ASSIGNED TASK: What lines of the data below hold the string "Prop"? Copy each one out.

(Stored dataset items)

····················

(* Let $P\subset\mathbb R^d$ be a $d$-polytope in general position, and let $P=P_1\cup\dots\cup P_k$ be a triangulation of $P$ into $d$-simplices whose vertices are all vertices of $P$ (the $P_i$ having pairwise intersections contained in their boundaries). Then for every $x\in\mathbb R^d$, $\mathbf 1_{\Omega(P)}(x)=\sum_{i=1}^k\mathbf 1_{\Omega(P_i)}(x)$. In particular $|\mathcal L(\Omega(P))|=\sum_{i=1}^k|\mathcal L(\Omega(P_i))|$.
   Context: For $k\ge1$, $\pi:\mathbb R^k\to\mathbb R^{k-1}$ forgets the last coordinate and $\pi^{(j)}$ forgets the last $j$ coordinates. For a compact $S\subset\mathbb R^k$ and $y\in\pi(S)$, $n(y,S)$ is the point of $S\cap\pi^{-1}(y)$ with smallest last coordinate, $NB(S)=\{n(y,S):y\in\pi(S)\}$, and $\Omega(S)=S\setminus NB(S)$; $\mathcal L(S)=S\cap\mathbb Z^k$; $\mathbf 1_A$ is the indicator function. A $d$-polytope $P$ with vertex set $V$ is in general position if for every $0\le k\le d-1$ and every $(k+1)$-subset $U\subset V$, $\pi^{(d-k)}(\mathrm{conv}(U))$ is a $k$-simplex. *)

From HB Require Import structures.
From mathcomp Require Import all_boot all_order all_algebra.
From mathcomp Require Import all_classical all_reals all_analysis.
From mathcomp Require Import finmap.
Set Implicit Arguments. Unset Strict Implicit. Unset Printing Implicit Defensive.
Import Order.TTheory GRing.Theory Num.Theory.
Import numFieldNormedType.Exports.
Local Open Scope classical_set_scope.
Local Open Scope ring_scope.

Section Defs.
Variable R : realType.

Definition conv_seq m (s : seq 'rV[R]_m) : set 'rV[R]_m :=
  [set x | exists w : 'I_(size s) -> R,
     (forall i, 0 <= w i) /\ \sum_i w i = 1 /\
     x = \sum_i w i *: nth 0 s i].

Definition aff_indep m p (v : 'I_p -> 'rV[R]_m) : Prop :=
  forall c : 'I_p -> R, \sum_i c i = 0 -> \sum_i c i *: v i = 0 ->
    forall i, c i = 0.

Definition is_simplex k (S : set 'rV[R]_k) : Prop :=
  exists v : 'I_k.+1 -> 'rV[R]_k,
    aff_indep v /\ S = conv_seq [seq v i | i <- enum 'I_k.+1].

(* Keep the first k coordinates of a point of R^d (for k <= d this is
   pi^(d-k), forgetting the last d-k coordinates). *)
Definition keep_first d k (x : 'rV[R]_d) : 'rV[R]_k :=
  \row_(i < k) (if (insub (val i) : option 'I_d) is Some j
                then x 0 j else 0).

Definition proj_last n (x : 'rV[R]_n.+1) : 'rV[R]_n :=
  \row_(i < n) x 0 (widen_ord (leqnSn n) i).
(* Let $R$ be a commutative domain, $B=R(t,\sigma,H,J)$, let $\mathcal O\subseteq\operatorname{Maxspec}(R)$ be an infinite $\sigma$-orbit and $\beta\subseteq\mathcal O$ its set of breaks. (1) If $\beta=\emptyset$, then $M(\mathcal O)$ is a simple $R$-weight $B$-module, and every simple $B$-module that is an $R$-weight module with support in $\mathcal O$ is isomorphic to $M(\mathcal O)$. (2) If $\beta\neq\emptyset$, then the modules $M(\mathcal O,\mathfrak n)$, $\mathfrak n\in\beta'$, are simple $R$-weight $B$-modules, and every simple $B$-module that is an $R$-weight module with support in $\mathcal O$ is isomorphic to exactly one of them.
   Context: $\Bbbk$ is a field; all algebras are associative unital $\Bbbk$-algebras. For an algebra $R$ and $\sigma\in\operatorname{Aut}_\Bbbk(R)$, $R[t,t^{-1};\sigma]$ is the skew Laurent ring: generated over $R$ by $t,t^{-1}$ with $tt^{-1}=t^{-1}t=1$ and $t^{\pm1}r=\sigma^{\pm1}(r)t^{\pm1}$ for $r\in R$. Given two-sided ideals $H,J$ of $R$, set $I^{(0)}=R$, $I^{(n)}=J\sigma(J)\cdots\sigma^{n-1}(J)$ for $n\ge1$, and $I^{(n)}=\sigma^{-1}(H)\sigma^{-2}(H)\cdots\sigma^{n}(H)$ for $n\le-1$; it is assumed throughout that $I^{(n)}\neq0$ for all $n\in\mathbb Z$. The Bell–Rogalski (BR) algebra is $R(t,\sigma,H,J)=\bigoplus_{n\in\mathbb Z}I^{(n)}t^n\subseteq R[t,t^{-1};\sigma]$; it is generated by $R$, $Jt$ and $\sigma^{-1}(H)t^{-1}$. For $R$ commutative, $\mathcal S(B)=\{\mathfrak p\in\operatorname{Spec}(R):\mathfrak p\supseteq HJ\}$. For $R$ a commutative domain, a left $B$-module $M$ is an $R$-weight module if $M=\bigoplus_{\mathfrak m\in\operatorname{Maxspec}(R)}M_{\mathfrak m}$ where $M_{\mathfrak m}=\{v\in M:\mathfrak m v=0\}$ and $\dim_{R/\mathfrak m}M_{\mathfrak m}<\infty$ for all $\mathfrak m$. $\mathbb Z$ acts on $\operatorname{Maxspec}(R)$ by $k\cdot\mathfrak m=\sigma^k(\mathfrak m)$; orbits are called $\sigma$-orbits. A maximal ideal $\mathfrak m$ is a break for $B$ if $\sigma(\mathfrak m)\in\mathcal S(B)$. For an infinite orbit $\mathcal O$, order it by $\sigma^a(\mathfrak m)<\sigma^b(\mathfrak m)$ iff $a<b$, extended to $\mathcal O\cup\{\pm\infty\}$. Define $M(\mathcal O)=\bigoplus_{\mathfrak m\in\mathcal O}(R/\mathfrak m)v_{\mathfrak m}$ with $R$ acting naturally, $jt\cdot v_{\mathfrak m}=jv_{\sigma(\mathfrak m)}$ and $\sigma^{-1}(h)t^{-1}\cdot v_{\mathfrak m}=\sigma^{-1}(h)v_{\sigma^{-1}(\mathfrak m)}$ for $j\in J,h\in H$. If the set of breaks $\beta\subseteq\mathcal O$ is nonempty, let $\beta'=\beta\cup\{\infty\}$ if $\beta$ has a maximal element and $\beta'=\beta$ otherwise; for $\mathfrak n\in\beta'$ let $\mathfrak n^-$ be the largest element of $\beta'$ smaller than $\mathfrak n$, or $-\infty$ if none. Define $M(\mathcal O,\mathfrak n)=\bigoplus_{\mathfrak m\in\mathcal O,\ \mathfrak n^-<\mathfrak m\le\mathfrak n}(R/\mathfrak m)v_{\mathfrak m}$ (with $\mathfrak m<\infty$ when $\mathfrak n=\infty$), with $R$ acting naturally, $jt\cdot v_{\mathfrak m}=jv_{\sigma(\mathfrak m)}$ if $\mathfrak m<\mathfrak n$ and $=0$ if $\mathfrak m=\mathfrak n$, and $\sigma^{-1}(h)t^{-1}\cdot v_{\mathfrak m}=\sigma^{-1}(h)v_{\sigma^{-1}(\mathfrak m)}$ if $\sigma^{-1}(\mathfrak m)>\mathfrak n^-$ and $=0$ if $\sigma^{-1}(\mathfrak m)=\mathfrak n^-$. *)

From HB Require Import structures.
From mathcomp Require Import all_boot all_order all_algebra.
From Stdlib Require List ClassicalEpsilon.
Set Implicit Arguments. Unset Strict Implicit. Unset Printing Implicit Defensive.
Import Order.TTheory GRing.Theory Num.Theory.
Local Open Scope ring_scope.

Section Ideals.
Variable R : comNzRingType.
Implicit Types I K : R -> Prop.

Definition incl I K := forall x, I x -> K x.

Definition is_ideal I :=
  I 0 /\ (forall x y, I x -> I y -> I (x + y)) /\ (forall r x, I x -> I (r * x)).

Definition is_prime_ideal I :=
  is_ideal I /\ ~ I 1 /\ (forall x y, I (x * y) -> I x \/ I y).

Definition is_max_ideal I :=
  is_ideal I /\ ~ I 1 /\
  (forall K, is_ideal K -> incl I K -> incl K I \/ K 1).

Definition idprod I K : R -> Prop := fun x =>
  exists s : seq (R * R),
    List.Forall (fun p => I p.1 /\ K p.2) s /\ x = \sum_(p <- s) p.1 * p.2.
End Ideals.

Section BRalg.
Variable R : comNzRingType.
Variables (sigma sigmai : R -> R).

····················

SOLUTION TO THE EXERCISE:
Definition aff_indep m p (v : 'I_p -> 'rV[R]_m) : Prop :=
Definition is_simplex k (S : set 'rV[R]_k) : Prop :=
Implicit Types I K : R -> Prop.
Definition idprod I K : R -> Prop := fun x =>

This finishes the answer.